お手数をおかけしますが、ご知見を貸していただけますと幸いです。
よろしくお願いします。
[Attachment Removed]
問題再現:
再現手順プロジェクト内容:車両コンフィギュレーター、画像出力(コンフィグの画面を出力)
- 最大画像出力解像度:14399x8082
- シーンの構成:
- 車両データ:22000程のNaniteがオンに設定されたスタティックメッシュで構成された一つのBPアクター。表示される際に2900程のスタティックメッシュが表示され、以外のスタティックメッシュが非表示になります。
- 背景:背景はシンプルなスタティックメッシュで構成され、照明は一つのSkylightや10つのRectLightになります。
- レンダリングに関する設定
- Nanite On
- Lumen On
- HWRT On
- MRG
- 添付画像にご参考お願いします(画像内容以外の設定はデフォルトのままになります)
- 追加のポストプロセスマテリアル
- SubsurfaceColor
- Specular
- BaseColor
- WorldNormal
- Roughness
- Metallic
- Opaciy
- LightingModel
- SceneDepth
- SceneDepthWorldUnits
- SceneColor
- PreTonemapHDRColor
- PostTonemapHDRColor
- SeparateTranslucencyA
- SeparateTranslucencyRGB
- システム構成
- OS:Microsoft Windows server 2022 Standard
- GPU:NVIDIA Quadro RTX A6000 48GB
- CPU:Xeon Gold 6426Y (16C/32T) 2.5GHz
- メモリ:64GB
- OSドライブ:699GB
- UEプロジェクトドライブ:9.78TB
[Attachment Removed]
お世話になっております。
本件に関しまして各種確認させて頂きましたので以下に回答させて頂きます。
※記載頂いている添付画像に関して、ご投稿から現状確認できていない状態となるため確認できた情報から回答させて頂きます。
1. レンダリング負荷について
こちらですが、ご認識の通りLUTのサイズは8倍となっていますが、
カラーグレーディングの各値、出力デバイス、Working Color Space、r.HDR.Aces.Version、r.LUT.Sizeといった、
LUTが変更されるような更新が行われない限りキャッシュが利用されるため、Temporal / Spatial サンプルごとの再構築はない想定です。
上記のため、特に頂いたようなPC環境であれば大量のバッチでも負荷的には無視できる差の見込みとなります。
※参考までにGPUがRTX3070搭載のマシンでr.LUT.UpdateEveryFrame 1とr.LUT.AsyncCompute 0を設定した計測でCombineLUTs 64 が 0.02ms
ViewState毎にLUTは保持されるため、MRGの場合、1つのLUTがPF_FloatRGBAで64x64x64の場合2.00 MiB、
32x32x32の場合0.250 MBといったVRAM消費となり、分割が設定されている場合はその分増える可能性があります。

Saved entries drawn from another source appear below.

Lemma closure_chain_open n : gopen (closure_chain n).
Proof.
  destruct (closure_chain_trace n) as [W [HW [E WC]]].
  apply subgroup_open; [apply closure_chain_subgroup|]. exists W; repeat split; auto.
  rewrite <- j_one. apply E, (ncb_one N HN).
Qed.

Lemma closure_chain_j n x : closure_chain n (j x) <-> N n x.
Proof.
  split; [|intros Nx U HU Ux; exists x; auto].
  intros H. destruct (closure_chain_trace n) as [W [HW [E WC]]].
  destruct (H (fun y => W (ginv (j x) ** y))) as [y [Ny Wy]].
  - apply open_transl; auto.
  - rewrite mulVg, <- j_one. apply E, (ncb_one N HN).
  - rewrite <- j_inv, <- j_mul in Wy. apply E in Wy.
    replace x with (y ** ginv (ginv x ** y)) by (rewrite invMg, invgK, mulKVg; auto).
    apply (ncb_subgroup _ _ HN); auto. apply (ncb_subgroup _ _ HN); auto.
Qed.

Lemma closure_chain_normal n : normal (closure_chain n).
Proof.
  intros g z Hz U HU Uz.
  destruct (mul_cont U (g ** z) (ginv g) HU Uz) as [A [B [HA [HB [Aa [Bb HAB]]]]]].
  destruct (mul_cont A g z HA Aa) as [A1 [A2 [HA1 [HA2 [A1g [A2z HA12]]]]]].
  destruct (j_dense (fun y => A1 y /\ B (ginv y))) as [f [A1f Bf]].
  - apply open_and; auto. apply open_inv; auto.
  - exists g; split; auto.
  - destruct (Hz A2 HA2 A2z) as [x [Nx A2x]].
    exists (f ** x ** ginv f); split; [apply (ncb_normal _ _ HN); auto|].
    rewrite !j_mul, j_inv. apply HAB; auto.
Qed.

Lemma closure_chain_decr n z : closure_chain (S n) z -> closure_chain n z.
Proof.
  intros H U HU Uz. destruct (H U HU Uz) as [x [Nx Ux]].
  exists x; split; auto. apply (ncb_decr _ _ HN); auto.
Qed.

Lemma closure_chain_base V : nbhd_e V -> exists n, forall z, closure_chain n z -> V z.
Proof.
  intros [O [HO [Oe OV]]].
  assert (Oee : O (gone ** gone)) by (rewrite mul1g; auto).
  destruct (mul_cont O gone gone HO Oee) as [O1 [O2 [HO1 [HO2 [O1e [O2e HO12]]]]]].
  destruct (ncb_base _ _ HN (fun x => O1 (j x))) as [n Hn].
  - exists (fun x => O1 (j x)); split; [apply j_cont; auto|]. rewrite j_one; auto.
  - exists n. intros z Hz. apply OV.
    destruct (Hz (fun y => O2 (ginv (ginv z ** y)))) as [x [Nx Hx]].
    + apply (open_transl (ginv z) (fun y => O2 (ginv y))), open_inv, HO2.
    + rewrite mulVg, invg1; auto.
    + rewrite <- (mulKVg (j x) z), <- (invgK (ginv (j x) ** z)), invMg, invgK.
      apply HO12; auto.
Qed.

Lemma closure_ncb : normal_chain_base Fh closure_chain.
Proof.
  split; [exact closure_chain_subgroup|exact closure_chain_normal|exact closure_chain_open
         |exact closure_chain_decr|exact closure_chain_base].
Qed.

Lemma j_dense_near n (z : Fh) : exists f, closure_chain n (ginv z ** j f).
Proof.
  destruct (j_dense (fun y => closure_chain n (ginv z ** y))) as [f Hf]; eauto.
  - apply (ncb_coset_open _ closure_ncb).
  - exists z. apply (ncb_refl _ closure_ncb).
Qed.

Section Extension.
Context {H : TopGroup} {HTH : is_topgroup H}.
Variable Phi : F -> H.
Hypothesis Hnb : open_normal_base H.
Hypothesis Hcomplete : complete H.
Hypothesis Phom : homomorphism Phi.
Hypothesis Pcont : continuous_map Phi.

Lemma Phi_inv x : Phi (ginv x) = ginv (Phi x).
Proof. exact (morphV F H Phi _ _ Phom x). Qed.

(* the image under [Phi] of the trace on [F] of the neighbourhood filter of [z] *)
Definition image_filter (z : Fh) (A : H -> Prop) : Prop :=
  exists n, forall f, closure_chain n (ginv z ** j f) -> A (Phi f).

Lemma Phi_base (W : H -> Prop) : gopen W -> is_subgroup W ->
  exists n, forall g, N n g -> W (Phi g).
Proof.
  intros Wo WS. apply (ncb_base _ _ HN (fun g => W (Phi g))).
  exists (fun g => W (Phi g)). split; [apply Pcont; auto|].
  rewrite (morph1 F H Phi _ _ Phom). split; [apply WS|auto].
Qed.

Lemma image_filter_converges z : exists L, filter_converges (image_filter z) L.
Proof.
  apply Hcomplete.
  - split; [exists 0; auto|split; [|split]].
    + intros [n Hn]. destruct (j_dense_near n z) as [f Hf]. apply (Hn f Hf).
    + intros A B [n1 H1] [n2 H2]. exists (max n1 n2). intros f Hf.
      split; [apply H1|apply H2]; apply (ncb_le _ closure_ncb _ (max n1 n2)); auto; lia.
    + intros A B AB [n Hn]. exists n; auto.
  - intros V HV. destruct (Hnb V HV) as [W [Wo [WS [WN WV]]]].
    destruct (Phi_base W Wo WS) as [n Hn].
    exists (fun h => exists f, closure_chain n (ginv z ** j f) /\ h = Phi f).
    split; [exists n; intros f Hf; exists f; auto|].
    intros a b [f [Hf ->]] [g [Hg ->]].
    assert (E : W (ginv (Phi f) ** Phi g)).
    { rewrite <- Phi_inv, <- Phom. apply Hn, closure_chain_j. rewrite j_mul, j_inv.
      apply (ncb_trans _ closure_ncb n _ z); auto. apply (ncb_sym _ closure_ncb); auto. }
    destruct (normal_ent_two W _ _ WN E) as [El Er]. split; [apply WV, El|apply WV, Er].
Qed.

Definition extension (z : Fh) : H := choose gone (filter_converges (image_filter z)).

Lemma extension_near z (W : H -> Prop) : gopen W -> is_subgroup W ->
  exists n, forall f, closure_chain n (ginv z ** j f) -> W (ginv (extension z) ** Phi f).
Proof.
  intros Wo WS. pose proof (chooseP gone _ (image_filter_converges z)) as HL.
  apply (HL (fun y => W (ginv (extension z) ** y))).
  - apply open_transl; auto.
  - rewrite mulVg; apply WS.
Qed.

Lemma extension_j x : extension (j x) = Phi x.
Proof.
  apply eq_of_open_normal_base; auto. intros W Wo WS WN.
  destruct (extension_near (j x) W Wo WS) as [n Hn]. apply Hn, (ncb_refl _ closure_ncb).
Qed.

Lemma extension_hom : homomorphism extension.
Proof.
  intros z w. symmetry. apply eq_of_open_normal_base; auto. intros W Wo WS WN.
  destruct (extension_near z W Wo WS) as [n1 H1].
  destruct (extension_near w W Wo WS) as [n2 H2].
  destruct (extension_near (z ** w) W Wo WS) as [n3 H3].
  set (n := max n1 (max n2 n3)).
  destruct (j_dense_near n z) as [f Hf]. destruct (j_dense_near n w) as [g Hg].
  assert (Hfg : closure_chain n (ginv (z ** w) ** j (f ** g))).
  { rewrite j_mul. apply normal_near_mul; auto; apply closure_ncb. }
  assert (A1 : W (ginv (extension z) ** Phi f))
    by (apply H1, (ncb_le _ closure_ncb n1 n); [lia|auto]).
  assert (A2 : W (ginv (extension w) ** Phi g))
    by (apply H2, (ncb_le _ closure_ncb n2 n); [lia|auto]).
  assert (A3 : W (ginv (extension (z ** w)) ** Phi (f ** g)))
    by (apply H3, (ncb_le _ closure_ncb n3 n); [lia|auto]).
  rewrite Phom in A3.
  apply (subgroup_trans W _ (Phi f ** Phi g)); auto.
  - apply normal_near_mul; auto.
  - apply subgroup_sym; auto.
Qed.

(サイズに関しては後述のCL詳細にも記載されています。)
2. 出力画像への影響について
変更CL50560657にも記載されておりますが、主に量子化エラー(バンディング)の対応のため変更が行われました。
ご認識頂いているように暗部のグラデーション、ハイライト付近、彩度の高い領域で変化がある可能性があります。
以前の状態に戻す場合は、Set Console Variableノードにてr.LUT.Sizeに32をお試しいただければと思います。
MoviePipeline: We default-increase the engine's combined LUT size during renders.
* Minimize potential quantization errors, which have been reported with subsample accumulation & elsewhere.
* LUT texture increases from the default 32^3 to 64^3 (~0.3 MB to ~2MB with PF_FloatRGBA)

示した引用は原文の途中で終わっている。